Permalink Send private email Wayne 
March 9th, 2007 12:40pm
The white fillings cost more, so they offer the metal-mouth fillings for the porpoises or those with bad insurance.

They are amazing though -- it's like playdough that he goops in, and then the UV makes it go ridiculously hard. And yeah, he's shaping your bite after it hardens (didn't you have to intermittently bite on abrasion things that showed the relative bite?)
Permalink DF 
March 9th, 2007 12:42pm
>(didn't you have to intermittently bite on abrasion things that showed the relative bite?)

Yep.  Did that.

So at least now I know what he was doing.

But damn, my fucking mouth HURTS.  I feel worse now than before I went, which may be temporary according to the hygienist I just spoke to, but at the moment it's pissing me off.
Permalink Send private email muppet 
March 9th, 2007 12:45pm
My dentist makes wood fillings. They are awesome.
Permalink LeMonde 
March 9th, 2007 1:18pm
Why didn't you ask for a prescription for some Tylenol-3?  Or some other codeine-filled goodie?  Most dentists here seem quite happy to give these...

But, as I'm sure you know, don't trust dentists when it comes to anti-biotics.  They'll prescribe those super-duper ones that will play havoc w/ your guts.
Permalink Send private email Ward 
March 9th, 2007 1:24pm
Because I'd rather fix the problem than mask it with opiates?
Permalink Send private email muppet 
March 9th, 2007 2:28pm
I think you're being a little too hard on opiates man...
Permalink Send private email JoC 
March 9th, 2007 4:03pm
Referred pain in teeth can be tricky. I went to the dentist once after being awake all night in agony with toothache. He said "where does it hurt?" so I touched the tooth and said "this one".
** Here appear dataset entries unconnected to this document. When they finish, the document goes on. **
Lemma trees_in_W : [/\ T1 \subset W, T2 \subset W & T3 \subset W].
Proof. by split; apply/subsetP => f; rewrite !inE => ->; rewrite ?orbT. Qed.

Lemma pieces_in_W : [/\ U1 \subset W, U2 \subset W & U3 \subset W].
Proof. by case: trees_in_W => *; split; apply: subset_trans (subD1set _ _) _. Qed.

Lemma pieces_disjoint :
  [/\ [disjoint U1 & U2], [disjoint U1 & U3] & [disjoint U2 & U3]].
Proof. by split; apply: disjointW (subD1set _ _) (subD1set _ _) _. Qed.

Lemma pieces_anchored : [/\ anchored U1 S, anchored U2 S & anchored U3 S].
Proof.
case: tree1 tree2 tree3 => [_ _ C1 _] [_ _ C2 _] [_ _ C3 _].
have [sxy syz sxz] := triangle_edges_inside.
by split; apply: anchored_widen (anchored_delete_edge _ _).
Qed.

(* First case: U1 and U2 together join y and z to x.  New trees: the path
   x-y-z, the tree T3, and an S-tree inside U1 + U2. *)
Lemma exchange_via_U12 :
  connect (adjF (U1 :|: U2)) y x -> connect (adjF (U1 :|: U2)) z x -> exchanged.
Proof.
move=> yx zx; have [T1W T2W T3W] := trees_in_W; have [U1W U2W _] := pieces_in_W.
have [anch1 anch2 _] := pieces_anchored; have [sxy syz _] := triangle_edges_inside.
have pathW : [set exy; eyz] \subset W.
  by rewrite subUset !sub1set (subsetP T1W) ?(subsetP T2W).
apply: (@exchanged_of [set exy; eyz] T3 (U1 :|: U2)).
- apply: triangle_tree; first exact: subset_trans pathW W_edges.
  + by apply: anchored_inside => f /set2P[]->.
  + by rewrite connect_symF connect1 // /adjF !inE eqxx.
  + by rewrite connect_symF (@connect_trans _ _ y) // connect1 // /adjF !inE eqxx ?orbT.
- by exists T3.
- apply: triangle_tree => //; first by rewrite subUset !(subset_trans _ W_edges).
  exact: anchored_setU.
- by rewrite disjoint_set2l xy_T3 yz_T3.
- by rewrite disjoint_set2l !in_setU !in_setD1 !eqxx xy_T2 yz_T1 !andbF.
- by rewrite disjoint_sym disjoint_setUl !(disjointWl (subD1set _ _)) // disjoint_sym.
- exact: pathW.
- exact: T3W.
- by rewrite subUset U1W U2W.
- by rewrite disjoint_sym !disjoint_setUl !disjoints1 !in_setU !in_setD1 !eqxx
    xy_T2 yz_T1 xz_T1 xz_T2 !andbF.
Qed.

(* Second case: U1 joins z to x and U2 joins x to z.  New trees: the path
   y-z-x, an S-tree inside U2 + xy, and an S-tree inside U1 + U3. *)
Lemma exchange_via_U1_U2 :
  connect (adjF U1) z x -> connect (adjF U2) x z -> exchanged.
Proof.
move=> zx xz; have [T1W T2W T3W] := trees_in_W; have [U1W U2W U3W] := pieces_in_W.
have [anch1 anch2 anch3] := pieces_anchored; have [sxy syz sxz] := triangle_edges_inside.
have y_to_xz : exists2 s, s \in [set x; z] & connect (adjF U3) y s.
  case: tree3 => _ /subsetP S_T3 C3 _; apply: delete_edge_reach => //.
  by apply: S_T3; rewrite !inE eqxx orbT.
have pathW : [set eyz; exz] \subset W.
  by rewrite subUset !sub1set (subsetP T2W) ?(subsetP T3W).
have U2xyW : U2 :|: [set exy] \subset W by rewrite subUset U2W sub1set (subsetP T1W).
apply: (@exchanged_of [set eyz; exz] (U2 :|: [set exy]) (U1 :|: U3)).
- apply: triangle_tree; first exact: subset_trans pathW W_edges.
  + by apply: anchored_inside => f /set2P[]->.
  + apply: (@connect_trans _ _ z); first by rewrite connect1 // /adjF !inE eqxx.
    by rewrite connect_symF connect1 // /adjF !inE eqxx ?orbT.
  + by rewrite connect_symF connect1 // /adjF !inE eqxx ?orbT.
- apply: triangle_tree; first exact: subset_trans U2xyW W_edges.
  + by apply: anchored_setU => //; apply: anchored_inside => f /set1P->.
  + by rewrite connect_symF connect1 // /adjF !inE eqxx ?orbT.
  + by rewrite connect_symF (connect_mono _ xz) ?subsetUl.
- apply: triangle_tree; last exact: connect_mono (subsetUl _ _) zx.
  + by rewrite subUset !(subset_trans _ W_edges).
  + exact: anchored_setU.
  + case: y_to_xz => s /set2P[]-> ys; first exact: connect_mono (subsetUr _ _) ys.
    apply: connect_trans (connect_mono (subsetUl _ _) zx).
    exact: connect_mono (subsetUr _ _) ys.
- by rewrite disjoint_set2l !in_setU !in_setD1 !in_set1 !eqxx xz_T2 yz_xy xz_xy andbF.
- by rewrite disjoint_set2l !in_setU !in_setD1 !eqxx yz_T1 yz_T3 xz_T1 !andbF.
- have [d12' _ d23'] := pieces_disjoint.
  by rewrite disjoint_setUl disjoints1 !in_setU !in_setD1 eqxx xy_T3 andbF andbT
    disjoint_sym disjoint_setUl d12' disjoint_sym d23'.
- exact: pathW.
- exact: U2xyW.
- by rewrite subUset U1W U3W.
- by rewrite disjoint_sym !disjoint_setUl !disjoints1 !in_setU !in_setD1 !eqxx
    xy_T3 yz_T1 yz_T3 xz_T1 !andbF.
Qed.
Theorem lemma2p7 (A : comNzRingType) (m I : A -> Prop) (M : lmodType A) (b : nat) :
  noetherian_ring A ->
  local_ring m ->
  infinite_residue_field m ->
  primary_to I m ->
  finitely_generated_module M ->
  dim_mod_eq M 1 ->
  (0 < b)%N ->
  (forall x : M, mod_mul I (fun _ => True) x ->
                 mod_mul (ideal_pow m b) (fun _ => True) x) ->
  hbar0_ge M I b.
Proof.
move=> Hn Hl _ Hpr Hg [Hdim _] _ IM_sub.
have HI : is_ideal I by case: Hpr.
have Hm : is_ideal m by case: Hl => [[[]]].
have H0_submod := H0_deg0_lift_submod M HI.
pose N i : M -> Prop := mod_add (H0_deg0_lift I) (mod_mul (ideal_pow m (b - i)) total).
exists N; split=> [i _ | i ib].
  have mpow_submod := mod_mul_submod (total : M -> Prop) (ideal_pow_ideal (b - i) Hm).
  split; first exact: mod_add_submod.
  move=> x Wx; exists x, 0; rewrite addr0; split=> //; split; last by case: mpow_submod.
  by case: Wx => //; apply: mod_mul_H0_deg0_lift.
split=> [x [w [z [-> [hw hz]]]] |].
  exists w, z; split=> //; split=> //; apply: mod_mul_mono hz => a.
  exact: ideal_pow_decr Hm (leq_sub2l _ _).
apply: NNPP => not_strict.
have Hdec (x : M) : mod_mul (ideal_pow m (b - i.+1)) total x ->
    mod_add (H0_deg0_lift I) (mod_mul (ideal_pow m (b - i.+1).+1) total) x.
  rewrite subnSK // => hx; apply: NNPP => nx; apply: not_strict; exists x; split=> //.
  by exists 0, x; rewrite add0r; split=> //; split=> //; case: H0_submod.
have jb : (b - i.+1 < b)%N by lia.
have [n Hann] := mpow_sub_H0_annihilated Hn Hl Hg jb IM_sub Hdec.
apply: (nil_mod_ann_no_supp_chain1 Hn Hl) Hdim.
exact: annihilated_mpow_nil Hpr Hann.
Qed.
"Are you sure it's that one?"
"Yes, that's where the pain is coming from."
"Hmmm," he said.

After doing lots of testing with prodding, cold air, freezing ether, x-rays and so forth, he said "the tooth you pointed to looks perfectly healthy, but this one in your other jaw doesn't look too good. I propose we assume it's really that one and go exploring with the drill.

He was right, there was inflamation in the nerve cavity and I needed an eventual root canal treatment. Good job he didn't drill the good tooth.
Permalink Send private email bon vivant 
March 9th, 2007 4:27pm
Well, he's not much of a dentist if he can't figure that part out.